I was recently interviewed for a podcast. There was a male and a female host. During the course of the interview, the female host told a story of a sexual adventure from high school. My reaction was “Good Lord, where were your parents?”
After the podcast recording which took place at a convention, the female host asked the male host to drop the discussion from the recording because it made her feel uncomfortable. Later, after the convention, she posted that she felt like it was slut shaming. I contacted her right away and apologized for making her feel that way. We even discussed rerecording an interview in which we will have a frank discussion about the incident and the surrounding issues. I also posted on her thread with a public apology even though she did not intend to call me out by name.
As I prepare for our coming interview and discussion, I’ve given the incident a good bit of thought.
If a male friend had been interviewing me and told a story about he and two friends involved in a high school club that specialized in cunnalingis and had business cards made up, would I have reacted the same way? In all honesty, I might have still said “Good Lord,” but I don’t think I would have said, “where were your parents?”
The cohost has stated that she did not believe the slight was intentional, but it still made her uncomfortable. I respect her as a person and an author and I did not wish for her to feel the disrespect she did as a result of my comment. It really did break my heart to think that she carried that with her after that while I was ignorant of what she was going through. The bawdy nature of the interview had just carried through and then we all parted ways onto our other convention business. I know that she has had a rough year from things she has posted and she was keeping up a strong front during the convention which included the interview as well. She did not let show how the incident had truly affected her at the time and I’m sorry that it weighed on her mind and heart following that incident.
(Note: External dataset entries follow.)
(* Let $M=(r,q,u)$ be an IC and IR mechanism. (1) If $M$ is undominated, then $M$ is floor-randomized, left continuous, and satisfies DD. (2) If $M$ is dominated, then $M$ is dominated by a mechanism that is floor-randomized, left continuous and satisfies DD.
   Context: Setting. Let $\Theta=[\underline\theta,\overline\theta]$ with $0<\underline\theta<\overline\theta$. Let $c>0$ and let $P:\mathbb R_+\to\mathbb R_+$ be continuous and strictly decreasing with $P(\overline q)=0$ for some $\overline q>0$. Put $V(q)=\int_0^q P(z)\,dz$ and $\mathrm{TS}(\theta,q)=V(q)-c-\theta q$ for $q>0$, $\mathrm{TS}(\theta,0)=0$. Assume (A2): $\mathrm{TS}(\overline\theta,P^{-1}(\overline\theta))>0$. A mechanism is a triple $M=(r,q,u)$ of functions $r:\Theta\to[0,1]$, $q:\Theta\to[0,\overline q]$, $u:\Theta\to\mathbb R$ with $q(\theta)=0$ if and only if $r(\theta)=0$. It is IC if $u(\theta)\ge u(\theta')+(\theta'-\theta)q(\theta')r(\theta')$ for all $\theta,\theta'\in\Theta$, and IR if $u(\theta)\ge 0$ for all $\theta$. (Known fact: $M$ is IC iff $\theta\mapsto q(\theta)r(\theta)$ is nonincreasing and $u(\theta)=u(\overline\theta)+\int_\theta^{\overline\theta}q(z)r(z)\,dz$ for all $\theta$; an IC mechanism is IR iff $u(\overline\theta)\ge0$.) Fix $\alpha\in[0,1)$. The regulator's surplus at $\theta$ is $\mathrm{RS}_\alpha(\theta,M)=r(\theta)\,\mathrm{TS}(\theta,q(\theta))-(1-\alpha)u(\theta)$. An IC and IR mechanism $\tilde M$ dominates an IC and IR mechanism $M$ if $\mathrm{RS}_\alpha(\theta,\tilde M)\ge \mathrm{RS}_\alpha(\theta,M)$ for all $\theta\in\Theta$ with strict inequality for some $\theta$; $M$ is undominated if it is IC, IR and not dominated by any IC and IR mechanism. The quantity floor $\hat q$ is the unique $q>0$ with $V(q)-qP(q)=c$. A mechanism $(r,q,u)$ is floor-randomized if it is IC, IR, $u(\overline\theta)=0$, and $\Theta$ can be partitioned into three pairwise disjoint (possibly empty) intervals $\Theta_1,\Theta_{01},\Theta_0$, with every element of $\Theta_0$ larger than every element of $\Theta_{01}$ and every element of $\Theta_{01}$ larger than every element of $\Theta_1$, such that: $q(\theta)\ge\hat q$ and $r(\theta)=1$ for $\theta\in\Theta_1$; $q(\theta)=\hat q$ and $r(\theta)\in(0,1)$ for $\theta\in\Theta_{01}$; $q(\theta)=r(\theta)=0$ for $\theta\in\Theta_0$. The efficient quantity is $q_e(\theta)=P^{-1}(\theta)$. A mechanism satisfies downward distortion (DD) if $q(\theta)\le q_e(\theta)$ for all $\theta$, with equality at $\theta=\underline\theta$; it satisfies strict DD if moreover $q(\theta)<q_e(\theta)$ for every $\theta>\underline\theta$. A mechanism is left continuous if $\theta\mapsto q(\theta)r(\theta)$ is left continuous at every $\theta\in(\underline\theta,\overline\theta]$. *)

From Stdlib Require Import Reals.
From Coquelicot Require Import Coquelicot.
Open Scope R_scope.

Definition inTheta (tlo thi t : R) : Prop := tlo <= t <= thi.

Definition V (P : R -> R) (q : R) : R := RInt P 0 q.

Definition TS (P : R -> R) (c t q : R) : R :=
  match Rlt_dec 0 q with
  | left _ => V P q - c - t * q
  | right _ => 0
  end.

(* A mechanism (r,q,u): functions on R, only their values on Theta matter. *)
Definition is_mechanism (tlo thi qbar : R) (r q u : R -> R) : Prop :=
  forall t, inTheta tlo thi t ->
    0 <= r t <= 1 /\ 0 <= q t <= qbar /\ (q t = 0 <-> r t = 0).

Definition IC (tlo thi : R) (r q u : R -> R) : Prop :=
  forall t t', inTheta tlo thi t -> inTheta tlo thi t' ->
    u t >= u t' + (t' - t) * q t' * r t'.

Definition IR (tlo thi : R) (u : R -> R) : Prop :=
  forall t, inTheta tlo thi t -> u t >= 0.

Definition ICIR (tlo thi qbar : R) (r q u : R -> R) : Prop :=
  is_mechanism tlo thi qbar r q u /\ IC tlo thi r q u /\ IR tlo thi u.

Definition RS (P : R -> R) (c alpha : R) (r q u : R -> R) (t : R) : R :=
  r t * TS P c t (q t) - (1 - alpha) * u t.

Definition dominates (tlo thi qbar : R) (P : R -> R) (c alpha : R)
    (r' q' u' r q u : R -> R) : Prop :=
  ICIR tlo thi qbar r' q' u' /\ ICIR tlo thi qbar r q u /\
  (forall t, inTheta tlo thi t -> RS P c alpha r' q' u' t >= RS P c alpha r q u t) /\
  (exists t, inTheta tlo thi t /\ RS P c alpha r' q' u' t > RS P c alpha r q u t).

Definition dominated (tlo thi qbar : R) (P : R -> R) (c alpha : R)
    (r q u : R -> R) : Prop :=
  exists r' q' u' : R -> R, dominates tlo thi qbar P c alpha r' q' u' r q u.

Definition undominated (tlo thi qbar : R) (P : R -> R) (c alpha : R)
    (r q u : R -> R) : Prop :=
  ICIR tlo thi qbar r q u /\ ~ dominated tlo thi qbar P c alpha r q u.

Definition is_interval (I : R -> Prop) : Prop :=
  forall x y z, I x -> I y -> x <= z <= y -> I z.

Definition floor_randomized (tlo thi qbar qhat : R) (r q u : R -> R) : Prop :=
  ICIR tlo thi qbar r q u /\ u thi = 0 /\
  exists T1 T01 T0 : R -> Prop,
    is_interval T1 /\ is_interval T01 /\ is_interval T0 /\
    (forall t, inTheta tlo thi t <-> (T1 t \/ T01 t \/ T0 t)) /\
    (forall t, ~ (T1 t /\ T01 t)) /\ (forall t, ~ (T1 t /\ T0 t)) /\
    (forall t, ~ (T01 t /\ T0 t)) /\
    (forall x y, T0 x -> T01 y -> y < x) /\
    (forall x y, T01 x -> T1 y -> y < x) /\
    (forall t, T1 t -> q t >= qhat /\ r t = 1) /\
    (forall t, T01 t -> q t = qhat /\ 0 < r t < 1) /\
    (forall t, T0 t -> q t = 0 /\ r t = 0).

(* Downward distortion relative to the efficient quantity qe = P^{-1}. *)
Definition DD (tlo thi : R) (qe q : R -> R) : Prop :=
  (forall t, inTheta tlo thi t -> q t <= qe t) /\ q tlo = qe tlo.

Definition strict_DD (tlo thi : R) (qe q : R -> R) : Prop :=
  DD tlo thi qe q /\ (forall t, tlo < t <= thi -> q t < qe t).

Definition left_continuous (tlo thi : R) (r q : R -> R) : Prop :=
  forall t, tlo < t <= thi ->
    filterlim (fun s => q s * r s) (at_left t) (locally (q t * r t)).

(* Given an IC mechanism with allocation x = q r, let x~(t) be the infimum of
   min (x, qe) over [tlo, t) (and x~(tlo) = qe(tlo)): it is nonincreasing, left
   continuous, and lies between min (x, qe) and qe.  Serve x~ with quantity
   max (x~, qhat) and probability x~ / max (x~, qhat), and pay the rents
   int_t^thi x~, computed as a lower Darboux integral; by IC these rents are at
   most u - u(thi).  Since the average surplus (V(q) - c) / q peaks at qhat, among
   all (q, r) with q r = y the floor service maximises r TS(t, q), and the
   resulting welfare increases in y up to qe(t) and decreases after.  Hence the new
   mechanism raises RS_alpha weakly everywhere, strictly somewhere unless M already
   has this form, which is floor-randomized, left continuous and satisfies DD. *)

From Stdlib Require Import Reals Lra List Classical_Prop.
From Coquelicot Require Import Coquelicot.
Open Scope R_scope.

Section Demand.
Variables (P : R -> R) (qbar : R).
Hypothesis qbar_gt0 : 0 < qbar.
Hypothesis P_cont : forall x, 0 <= x <= qbar ->
  filterlim P (within (fun y => 0 <= y <= qbar) (locally x)) (locally (P x)).
Hypothesis P_decr : forall x y, 0 <= x -> x < y -> y <= qbar -> P y < P x.

Let clamp (x : R) : R := Rmax 0 (Rmin qbar x).

Lemma clamp_in_range x : 0 <= clamp x <= qbar.
Proof. unfold clamp, Rmax, Rmin; repeat destruct Rle_dec; lra. Qed.

Lemma clamp_id x : 0 <= x <= qbar -> clamp x = x.
Proof. intros; unfold clamp, Rmax, Rmin; repeat destruct Rle_dec; lra. Qed.

Lemma clamp_lipschitz x y : Rabs (clamp y - clamp x) <= Rabs (y - x).
Proof.
  unfold clamp, Rmax, Rmin; repeat destruct Rle_dec;
  unfold Rabs; repeat destruct Rcase_abs; lra.
Qed.

Lemma continuous_P_clamp z : continuous (fun x => P (clamp x)) z.
Proof.
  apply (filterlim_comp _ _ _ clamp P _
           (within (fun y => 0 <= y <= qbar) (locally (clamp z)))).
  - intros Q [e He]. exists e. intros y Hy. apply He; [|apply clamp_in_range].
    exact (Rle_lt_trans _ _ _ (clamp_lipschitz z y) Hy).
  - apply P_cont, clamp_in_range.
Qed.

Lemma ex_RInt_P a b : 0 <= a <= b -> b <= qbar -> ex_RInt P a b.
Proof.
  intros Hab Hb. apply (ex_RInt_ext (fun x => P (clamp x))).
  - intros x Hx. rewrite Rmin_left, Rmax_right in Hx by lra. rewrite clamp_id; lra.
  - apply (@ex_RInt_continuous R_CompleteNormedModule). intros; apply continuous_P_clamp.
Qed.

Lemma RInt_P_bounds a b : 0 <= a -> a <= b -> b <= qbar ->
  (b - a) * P b <= RInt P a b <= (b - a) * P a.
Proof.
  intros Ha Hab Hb.
  rewrite <- !(RInt_const a b) with (c := P _).
  assert (HP := ex_RInt_P a b ltac:(lra) Hb).
  split; apply RInt_le; auto using ex_RInt_const;
    intros x Hx; left; apply P_decr; lra.
Qed.

(* Splitting at the midpoint turns the weak bounds into strict ones. *)
Lemma V_diff_bounds a b : 0 <= a -> a < b -> b <= qbar ->
  (b - a) * P b < V P b - V P a < (b - a) * P a.
Proof.
  intros Ha Hab Hb. set (m := (a + b) / 2).
  assert (Hsplit : V P b - V P a = RInt P a m + RInt P m b).
  { unfold V. rewrite <- (RInt_Chasles P 0 a b), <- (RInt_Chasles P a m b);
      try (apply ex_RInt_P; unfold m; lra).
    unfold plus; simpl; ring. }
  destruct (RInt_P_bounds a m) as [A1 A2]; try (unfold m; lra).
  destruct (RInt_P_bounds m b) as [B1 B2]; try (unfold m; lra).
  assert (P b < P m) by (apply P_decr; unfold m; lra).
  assert (P m < P a) by (apply P_decr; unfold m; lra).
  replace (b - a) with ((m - a) + (b - m)) by ring.
  assert (m - a > 0 /\ b - m > 0) as [] by (unfold m; lra).
  rewrite Hsplit; split; nra.
Qed.

Section Floor.
Variables (c qhat : R).
Hypothesis qhat_range : 0 < qhat <= qbar.
Hypothesis qhat_floor : V P qhat - qhat * P qhat = c.

Lemma floor_gain_ge q : qhat <= q <= qbar -> c <= V P q - q * P q.
Proof.
  intros Hq. destruct (Req_dec q qhat) as [->|Hne]; [lra|].
  destruct (V_diff_bounds qhat q) as [K _]; try lra.
  assert (P q < P qhat) by (apply P_decr; lra).
  nra.
Qed.

(* Cross-multiplied forms of: the average surplus [(V q - c) / q] increases
   up to [qhat], where its first-order condition holds, and decreases after. *)
Lemma avg_surplus_decr q1 q2 : qhat <= q1 -> q1 < q2 -> q2 <= qbar ->
  (V P q2 - c) * q1 < (V P q1 - c) * q2.
Proof.
  intros H1 H12 H2.
  assert (G := floor_gain_ge q1 ltac:(lra)).
  destruct (V_diff_bounds q1 q2) as [_ K]; try lra.
  assert (q1 * ((q2 - q1) * P q1 - (V P q2 - V P q1)) > 0)
    by (apply Rmult_lt_0_compat; lra).
  assert ((q2 - q1) * (V P q1 - q1 * P q1 - c) >= 0)
    by (apply Rle_ge, Rmult_le_pos; lra).
  nra.
Qed.

Lemma avg_surplus_lt_floor q : 0 < q -> q < qhat ->
  (V P q - c) * qhat < (V P qhat - c) * q.
Proof.
  intros Hq Hlt. destruct (V_diff_bounds q qhat) as [K _]; try lra.
  assert (qhat * (q * P qhat - (V P q - c)) > 0) by (apply Rmult_lt_0_compat; lra).
  nra.
Qed.

Lemma avg_surplus_max_floor y q : 0 < y -> y <= q -> q <= qbar ->
  (V P q - c) * Rmax y qhat <= (V P (Rmax y qhat) - c) * q /\
  (q <> Rmax y qhat -> (V P q - c) * Rmax y qhat < (V P (Rmax y qhat) - c) * q).
Proof.
  intros Hy Hyq Hq. unfold Rmax. destruct (Rle_dec y qhat) as [Hle|Hgt].
  - destruct (Rtotal_order q qhat) as [Hl|[->|Hg]].
    + assert (H := avg_surplus_lt_floor q ltac:(lra) Hl). split; intros; lra.
    + split; intros; [lra|congruence].
    + assert (H := avg_surplus_decr qhat q ltac:(lra) Hg Hq). split; intros; lra.
  - destruct (Req_dec q y) as [->|Hne].
    + split; intros; [lra|congruence].
    + assert (H := avg_surplus_decr y q ltac:(lra) ltac:(lra) Hq). split; intros; lra.
Qed.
Looking back, I’m not sure what to do differently and that will be something we will need to discuss in our follow up interview in which we have an honest post mortem of the incident for the purpose of everyone having a chance to learn from it. As an interviewee, it was a little different than just walking up on a conversation in a hallway and throwing in my two cents. There was a lot of back and forth and looking at that moment when I reacted to the story, I try to rewind it and rework it in my head and I come up empty. With an audio interview, surely awkward silence isn’t the right response. There could have been the innocuous “Oh, wow” or “There you go.” I could have gone with encouragement like the proverbial locker room banter. I’m not sure that would have come off better. I could have told my own story to follow up, but no one wants to hear that from me, believe me. As an interviewee, I was put in the position of reaction, but I don’t know what the proper one was.
These topics will be worthy of discussion and will come up soon in a frank, friendly, positive discussion regarding the entire topic.